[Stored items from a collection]
(* Let $D_n$ be the degree (in-degree) of the sink in a random series-parallel network of size $n$ generated by the binary model. Then for $n\ge1$ $$\mathbb{E}(D_n)=\frac{1+\sqrt2}{2}\binom{n+\sqrt2-2}{n-1}-\frac{\sqrt2-1}{2}\binom{n-\sqrt2-2}{n-1},$$ and consequently $\mathbb{E}(D_n)\sim\frac{1+\sqrt2}{2}\frac{n^{\sqrt2-1}}{\Gamma(\sqrt2)}$ as $n\to\infty$.
   Context: Binary (uniform binary saturation) model of series-parallel networks: directed graphs with a source and a sink, edges oriented towards the sink. At step $1$ the network is a single edge from the source to the sink. At step $n>1$ one of the $n-1$ edges $(x,y)$ is chosen uniformly at random. If $x$ has out-degree $1$, a new parallel edge $(x,y)$ is added; if $x$ has out-degree $2$, $(x,y)$ is replaced by $(x,z),(z,y)$ with $z$ a new vertex. The network after step $n$ has size $n$ ($n$ edges). Binomial coefficients with real upper argument: $\binom{a}{k}=a(a-1)\cdots(a-k+1)/k!$. *)

From Stdlib Require Import Reals Lra Lia Arith List.
Import ListNotations.
Open Scope R_scope.

(* A network: list of directed edges (x,y) between vertices (nats), together
   with the next fresh vertex label.  Source = vertex 0, sink = vertex 1. *)
Definition network : Type := (list (nat * nat) * nat)%type.

Definition source : nat := 0%nat.
Definition sink : nat := 1%nat.

Definition net1 : network := ([(source, sink)], 2%nat).
Lemma muniK m (p : {mpoly F[m.+1]}) :
  (map_poly (@mwiden m F) (muni p)).['X_ord_max] = p.
Proof.
pose back := horner_eval ('X_ord_max : {mpoly F[m.+1]})
  \o map_poly (@mwiden m F) \o @muni m F.
apply: (@eq_rmorph_mpoly _ _ back idfun) => [c|i]; rewrite /back /= horner_evalE.
  by rewrite muniC map_polyC hornerC /= mwidenC.
case: (unliftP ord_max i) => [j ->|->].
  by rewrite lift_max muniX_widen map_polyC hornerC /= mwidenX mnmwiden1.
by rewrite muniX_max map_polyX hornerX.
Qed.

Lemma muni_inj m : injective (@muni m F).
Proof. by move=> p q pq; rewrite -(muniK p) pq muniK. Qed.

Lemma meval_muni m (w : 'I_m.+1 -> F) (p : {mpoly F[m.+1]}) :
  p.@[w] = (map_poly (meval (w \o widen_ord (leqnSn m))) (muni p)).[w ord_max].
Proof.
pose g := horner_eval (w ord_max)
  \o map_poly (meval (w \o widen_ord (leqnSn m))) \o @muni m F.
apply: (@eq_rmorph_mpoly _ _ (meval w) g) => [c|i]; rewrite /g /= horner_evalE.
  by rewrite mevalC muniC map_polyC hornerC /= mevalC.
case: (unliftP ord_max i) => [j ->|->]; rewrite mevalXU.
  by rewrite lift_max muniX_widen map_polyC hornerC /= mevalXU.
by rewrite muniX_max map_polyX hornerX.
Qed.

Lemma poly_eq0_on_seq (s : nat -> F) (q : {poly F}) :
  injective s -> (forall k, q.[s k] = 0) -> q = 0.
Proof.
move=> s_inj qs0; apply/eqP/negPn/negP => q_neq0.
have roots : all (root q) (mkseq s (size q)).
  by apply/allP => _ /mapP [k _ ->]; apply/rootP.
have := max_poly_roots q_neq0 roots.
by rewrite map_inj_uniq ?iota_uniq // size_mkseq ltnn => /(_ isT).
Qed.

Lemma mpoly_eq0_on_grid (s : nat -> F) m (p : {mpoly F[m]}) :
  injective s -> (forall v : 'I_m -> nat, p.@[s \o v] = 0) -> p = 0.
Proof.
move=> s_inj; elim: m p => [|m IH] p p0.
  rewrite -(mpolyKC p); have := p0 (fun _ => 0%N).
  by rewrite -{1}(mpolyKC p) mevalC => ->.
apply: muni_inj; rewrite rmorph0; apply/polyP => k; rewrite coef0.
apply: IH => v; rewrite -coef_map; set q := map_poly _ _.
suff -> : q = 0 by rewrite coef0.
apply: (poly_eq0_on_seq s_inj) => x.
pose w (i : 'I_m.+1) := if unlift ord_max i is Some j then v j else x.
have := p0 w; rewrite meval_muni /= /w unlift_none => <-; congr _.[_].
apply: eq_map_poly => r; apply: meval_eq => j /=.
by rewrite -lift_max liftK.
Qed.

End GridZero.

Section Hermitian.
Variables (R : realType) (n : nat).
Local Notation C := (complex R).
Implicit Types (p q : {mpoly C[n + n]}) (z : 'I_n -> C).

Lemma split_lshift (i : 'I_n) : split (lshift n i) = inl i.
Proof. exact: (unsplitK (inl _ i)). Qed.

Lemma split_rshift (i : 'I_n) : split (rshift n i) = inr i.
Proof. exact: (unsplitK (inr _ i)). Qed.

Lemma swap_idxK : involutive (@swap_idx n).
Proof.
move=> i; rewrite /swap_idx; case iE: (split i) => [j|j].
  by rewrite split_rshift -[RHS](splitK i) iE.
by rewrite split_lshift -[RHS](splitK i) iE.
Qed.

Definition swap_perm : 'S_(n + n) := perm (inv_inj swap_idxK).

Definition hconj (p : {mpoly C[n + n]}) : {mpoly C[n + n]} :=
  msym swap_perm (map_mpoly conjc p).

Fact hconj_is_zmod_morphism : zmod_morphism hconj.
Proof. by move=> p q; rewrite /hconj rmorphB msymB. Qed.

HB.instance Definition _ :=
  Algebra.isZmodMorphism.Build {mpoly C[n + n]} {mpoly C[n + n]} hconj
    hconj_is_zmod_morphism.

Fact hconj_is_monoid_morphism : monoid_morphism hconj.
Proof.
split=> [|p q]; first by rewrite /hconj rmorph1 msym1.
by rewrite /hconj rmorphM msymM.
Qed.

HB.instance Definition _ :=
  GRing.isMonoidMorphism.Build {mpoly C[n + n]} {mpoly C[n + n]} hconj
    hconj_is_monoid_morphism.

Lemma mcoeff_hconj p m : (hconj p)@_m = conjc p@_(swap_mnm m).
Proof.
rewrite /hconj mcoeff_sym mcoeff_map_mpoly; congr (conjc p@_ _).
by apply/mnmP => i; rewrite !mnmE permE.
Qed.

Lemma hermitianE p : hermitian p <-> hconj p = p.
Proof.
split=> [herm_p|hp m]; last by rewrite -mcoeff_hconj hp.
by apply/mpolyP => m; rewrite mcoeff_hconj -herm_p.
Qed.

Lemma hermitianD p q : hermitian p -> hermitian q -> hermitian (p + q).
Proof.
by move=> /hermitianE hp /hermitianE hq; apply/hermitianE; rewrite rmorphD /= hp hq.
Qed.

Lemma hermitianM p q : hermitian p -> hermitian q -> hermitian (p * q).
Proof.
by move=> /hermitianE hp /hermitianE hq; apply/hermitianE; rewrite rmorphM /= hp hq.
Qed.

Lemma hconjX i : hconj 'X_i = 'X_(swap_idx i).
Proof.
rewrite /hconj map_mpolyX msymX; congr 'X_[_].
apply/mnmP => j; rewrite !mnmE.
have swapE k : swap_perm k = swap_idx k by rewrite permE.
by rewrite -swapE (canF_eq (permK swap_perm)).
Qed.

Lemma hconjC c : hconj c%:MP = (conjc c)%:MP.
Proof. by rewrite /hconj map_mpolyC -alg_mpolyC msymZ msym1 alg_mpolyC. Qed.

Lemma hermitianZ_real p (a : R) : hermitian p -> hermitian ((a%:C)%C *: p).
Proof.
move=> /hermitianE hp; apply/hermitianE.
by rewrite -mul_mpolyC rmorphM /= hp hconjC conjc_real.
Qed.

Lemma evalH_lshift i z : evalH 'X_(lshift n i) z = z i.
Proof. by rewrite /evalH mevalXU /diag_pt split_lshift. Qed.

Lemma evalH_rshift i z : evalH 'X_(rshift n i) z = conjc (z i).
Proof. by rewrite /evalH mevalXU /diag_pt split_rshift. Qed.

End Hermitian.

Section SquaredNorms.
Variables (R : realType) (n : nat).
Local Notation C := (complex R).
Implicit Types (F G : seq {mpoly C[n]}) (z : 'I_n -> C).

Lemma normsq_cat F G z :
  normsq (F ++ G) z = normsq F z + normsq G z.
Proof. by rewrite /normsq big_cat. Qed.

Lemma normsq_ge0 F z : 0 <= normsq F z.
Proof. by apply: sumr_ge0 => f _; rewrite exprn_ge0. Qed.

Lemma normsq_eq0 F z : normsq F z = 0 -> forall f, f \in F -> f.@[z] = 0.
Proof.
move/eqP; rewrite /normsq psumr_eq0 => [/allP normF0 f fF|f _]; last first.
  exact: exprn_ge0.
by move/implyP: (normF0 f fF) => /(_ isT); rewrite expf_eq0 normr_eq0 => /eqP.
Qed.

Definition seq_mul (F G : seq {mpoly C[n]}) := [seq f * g | f <- F, g <- G].

Lemma normsq_seq_mul F G z : normsq (seq_mul F G) z = normsq F z * normsq G z.
Proof.
rewrite /normsq big_allpairs_dep mulr_suml; apply: eq_bigr => f _.
by rewrite mulr_sumr; apply: eq_bigr => g _; rewrite mevalM normrM exprMn.
Qed.

Lemma has_nonzero_seq_mul F G :
  has (fun g => g != 0) F -> has (fun g => g != 0) G ->
  has (fun g => g != 0) (seq_mul F G).
Proof.
move=> /hasP [f fF f_neq0] /hasP [g gG g_neq0]; apply/hasP; exists (f * g).
  by apply/allpairsP; exists (f, g).
exact: mulf_neq0.
Qed.

Lemma inQD (r1 r2 : {mpoly C[n + n]}) : inQ r1 -> inQ r2 -> inQ (r1 + r2).
Proof.
move=> [h1 [F1 [G1 [G1_neq0 e1]]]] [h2 [F2 [G2 [G2_neq0 e2]]]].
split; first exact: hermitianD.
exists (seq_mul F1 G2 ++ seq_mul F2 G1), (seq_mul G1 G2).
split=> [|z]; first exact: has_nonzero_seq_mul.
by rewrite /evalH mevalD normsq_cat !normsq_seq_mul -e1 -e2; ring.
Qed.

Lemma inQM (r1 r2 : {mpoly C[n + n]}) : inQ r1 -> inQ r2 -> inQ (r1 * r2).
Proof.
move=> [h1 [F1 [G1 [G1_neq0 e1]]]] [h2 [F2 [G2 [G2_neq0 e2]]]].
split; first exact: hermitianM.
exists (seq_mul F1 F2), (seq_mul G1 G2).
split=> [|z]; first exact: has_nonzero_seq_mul.
by rewrite /evalH mevalM !normsq_seq_mul -e1 -e2; ring.
Qed.

Lemma inQ'M (r1 r2 : {mpoly C[n + n]}) : inQ' r1 -> inQ' r2 -> inQ' (r1 * r2).
Proof.
move=> [h1 [r1_ge0 [s1 [hs1 s1_neq0 s1_ge0 [F1 e1]]]]].
move=> [h2 [r2_ge0 [s2 [hs2 s2_neq0 s2_ge0 [F2 e2]]]]].
have evalHM p q z : evalH (p * q) z = evalH p z * evalH q z by exact: mevalM.
split; first exact: hermitianM.
split=> [z|]; first by rewrite evalHM mulr_ge0.
exists (s1 * s2); split; [exact: hermitianM | exact: mulf_neq0 | |].
  by move=> z; rewrite evalHM mulr_ge0.
by exists (seq_mul F1 F2) => z; rewrite !evalHM normsq_seq_mul -e1 -e2; ring.
Qed.

End SquaredNorms.

Section PolyaMultiplier.
Variables (K : realFieldType) (N : nat) (lam : K).

Definition pmult_coef (j : nat) : K := j.+1%:R * (N.+1%:R - j%:R).

Definition prod_coef (k : nat) : K :=
  if (k == 0) || (k == N.+2) then N.+1%:R else lam * pmult_coef k.-1 - 2.

Definition pmult : {poly K} := \poly_(j < N.+2) pmult_coef j.

Definition hquad : {poly K} := 'X^2 + (lam - 2) *: 'X + 1.

(* [(1 - X)^2] annihilates the quadratic [pmult_coef] up to its constant second
   difference [-2], so the middle coefficients of the product are
   [lam * pmult_coef (k - 1) - 2]. *)
Lemma hquad_pmult : hquad * pmult = \poly_(k < N.+3) prod_coef k.
Proof.
apply/polyP => k.
rewrite /hquad !mulrDl -scalerAl mul1r !coefD coefZ coefXnM coefXM.
rewrite /pmult !coef_poly /prod_coef /pmult_coef.
case: k => [|[|k]] /=; try ring.
rewrite !ltnS !eqSS !subSS subn0.
case: (ltngtP k N) => [kN|Nk|->]; last by rewrite leqnSn; ring.
  by rewrite (leqW (ltnW kN)); ring.
case: (ltngtP k N.+1) => [kN|_|->]; last by ring.
  by move: Nk; rewrite ltnNge -ltnS kN.
by ring.
Qed.

Lemma polya_identity u :
  ((u - 1) ^+ 2 + lam * u) * \sum_(j < N.+2) pmult_coef j * u ^+ j
  = \sum_(k < N.+3) prod_coef k * u ^+ k.
Proof.
have horner_poly m (c : nat -> K) :
    (\poly_(j < m) c j).[u] = \sum_(j < m) c j * u ^+ j.
  rewrite (horner_coef_wide _ (size_poly _ _)).
  by apply: eq_bigr => j _; rewrite coef_poly ltn_ord.
have := congr1 (horner^~ u) hquad_pmult.
rewrite /= hornerM !horner_poly => <-; congr (_ * _).
by rewrite /hquad !hornerD hornerZ hornerXn hornerX hornerC; ring.
Qed.

Lemma pmult_coef_ge j : (j <= N)%N -> N.+1%:R <= pmult_coef j.
Proof.
move=> jN; have -> : pmult_coef j = N.+1%:R + j%:R * (N - j)%:R.
  by rewrite /pmult_coef natrB // -!natr1; ring.
by rewrite lerDl mulr_ge0 ?ler0n.
Qed.

Lemma pmult_coef_ge0 j : (j <= N.+1)%N -> 0 <= pmult_coef j.
Proof.
rewrite leq_eqVlt => /orP [/eqP ->|jN]; first by rewrite /pmult_coef subrr mulr0.
by apply: le_trans (pmult_coef_ge _); rewrite ?ler0n // -ltnS.
Qed.

Lemma prod_coef_ge0 k : (k <= N.+2)%N -> 0 <= lam -> 2 <= lam * N.+1%:R ->
  0 <= prod_coef k.
Proof.
move=> kN lam_ge0 lamN; rewrite /prod_coef.
case: ifP => [_|/norP [k_neq0 k_neqN]]; first by rewrite ler0n.
have : lam * N.+1%:R <= lam * pmult_coef k.-1.
  by rewrite ler_wpM2l // pmult_coef_ge //; lia.
by rewrite subr_ge0 => /(le_trans lamN).
Qed.
End PolyaMultiplier.

Section Example.
Variables (R : realType) (n : nat) (i0 : 'I_n).
Local Notation C := (complex R).
Local Open Scope complex_scope.
Implicit Types (z : 'I_n -> C).

Definition abs2 z : R := complex.Re (z i0) ^+ 2 + complex.Im (z i0) ^+ 2.

Lemma abs2_ge0 z : 0 <= abs2 z.
Proof. by rewrite /abs2 addr_ge0 ?sqr_ge0. Qed.

Lemma abs2_normc z : (abs2 z)%:C = `|z i0| ^+ 2.
Proof. exact: add_Re2_Im2. Qed.

Lemma abs2E z : (abs2 z)%:C = z i0 * conjc (z i0).
Proof. by rewrite abs2_normc sqr_normc. Qed.

Definition abs2X : {mpoly C[n + n]} := 'X_(lshift n i0) * 'X_(rshift n i0).

Lemma evalH_abs2X z : evalH abs2X z = (abs2 z)%:C.
Proof. by rewrite abs2E /evalH mevalM -!/(evalH _ z) evalH_lshift evalH_rshift. Qed.

Lemma hermitian_abs2X : hermitian abs2X.
Proof.
apply/hermitianE; rewrite rmorphM /= !hconjX /swap_idx.
by rewrite split_lshift split_rshift mulrC.
Qed.

Definition sphere_sq : {mpoly C[n + n]} := (abs2X - 1) ^+ 2.

Lemma hermitian_sphere_sq : hermitian sphere_sq.
Proof.
have /hermitianE h := hermitian_abs2X.
by apply/hermitianE; rewrite rmorphXn rmorphB rmorph1 /= h.
Qed.

Definition rfam (lam : R) : {mpoly C[n + n]} := sphere_sq + lam%:C *: abs2X.

Lemma rfam0 : rfam 0 = sphere_sq.
Proof. by rewrite /rfam scale0r addr0. Qed.

Lemma hermitian_rfam lam : hermitian (rfam lam).
Proof.
apply: hermitianD; first exact: hermitian_sphere_sq.
exact/hermitianZ_real/hermitian_abs2X.
Qed.

Lemma evalH_rfam lam z :
  evalH (rfam lam) z = ((abs2 z - 1) ^+ 2 + lam * abs2 z)%:C.
Proof.
rewrite /evalH mevalD rmorphXn /= mevalB meval1 mevalZ -!/(evalH _ z).
rewrite evalH_abs2X.
by set u := abs2 z; rewrite !(rmorphB, rmorphD, rmorphM, rmorph1, rmorphXn).
Qed.

Definition smult (N : nat) : {mpoly C[n + n]} :=
  \sum_(j < N.+2) (pmult_coef R N j)%:C *: abs2X ^+ j.

Lemma hermitian_smult N : hermitian (smult N).
Proof.
have /hermitianE h := hermitian_abs2X.
apply/hermitianE; rewrite rmorph_sum; apply: eq_bigr => j _.
by rewrite -mul_mpolyC rmorphM rmorphXn /= h hconjC conjc_real.
Qed.

Lemma evalH_smult N z :
  evalH (smult N) z = (\sum_(j < N.+2) pmult_coef R N j * abs2 z ^+ j)%:C.
Proof.
rewrite /evalH rmorph_sum [RHS]rmorph_sum; apply: eq_bigr => j _ /=.
rewrite mevalZ rmorphXn /= -/(evalH _ z) evalH_abs2X.
by rewrite [RHS]rmorphM rmorphXn.
Qed.

Lemma smult_neq0 N : smult N != 0.
Proof.
apply/eqP => s0; have := evalH_smult N (fun _ => 0).
rewrite s0 /evalH meval0 big_ord_recl big1 => [|j _]; last first.
  by rewrite /abs2 /= expr0n /= addr0 expr0n mulr0.
rewrite expr0 mulr1 addr0 => /esym/eqP; apply/negP.
by rewrite fmorph_eq0 /pmult_coef subr0 mul1r pnatr_eq0.
Qed.

Definition mono_seq (c : nat -> R) (M : nat) : seq {mpoly C[n]} :=
  [seq (Num.sqrt (c j))%:C *: 'X_i0 ^+ j | j <- iota 0 M].

Lemma normsq_mono_seq (c : nat -> R) M z : (forall j, (j < M)%N -> 0 <= c j) ->
  normsq (mono_seq c M) z = (\sum_(j < M) c j * abs2 z ^+ j)%:C.
Proof.
move=> c_ge0; rewrite /normsq big_map -(subn0 M) -/(index_iota 0 M) big_mkord.
rewrite subn0 rmorph_sum; apply: eq_bigr => j _.
rewrite mevalZ rmorphXn /= mevalXU normrM exprMn normrX -exprM mulnC exprM.
rewrite sqr_normc conjc_real -rmorphM -expr2 sqr_sqrtr ?c_ge0 //.
by rewrite -abs2_normc [RHS]rmorphM rmorphXn.
Qed.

Assignment: Wherever a line above contains "hermitianM", copy that line.

Solution to this exercise:
Lemma hermitianM p q : hermitian p -> hermitian q -> hermitian (p * q).
split; first exact: hermitianM.
split; first exact: hermitianM.
exists (s1 * s2); split; [exact: hermitianM | exact: mulf_neq0 | |].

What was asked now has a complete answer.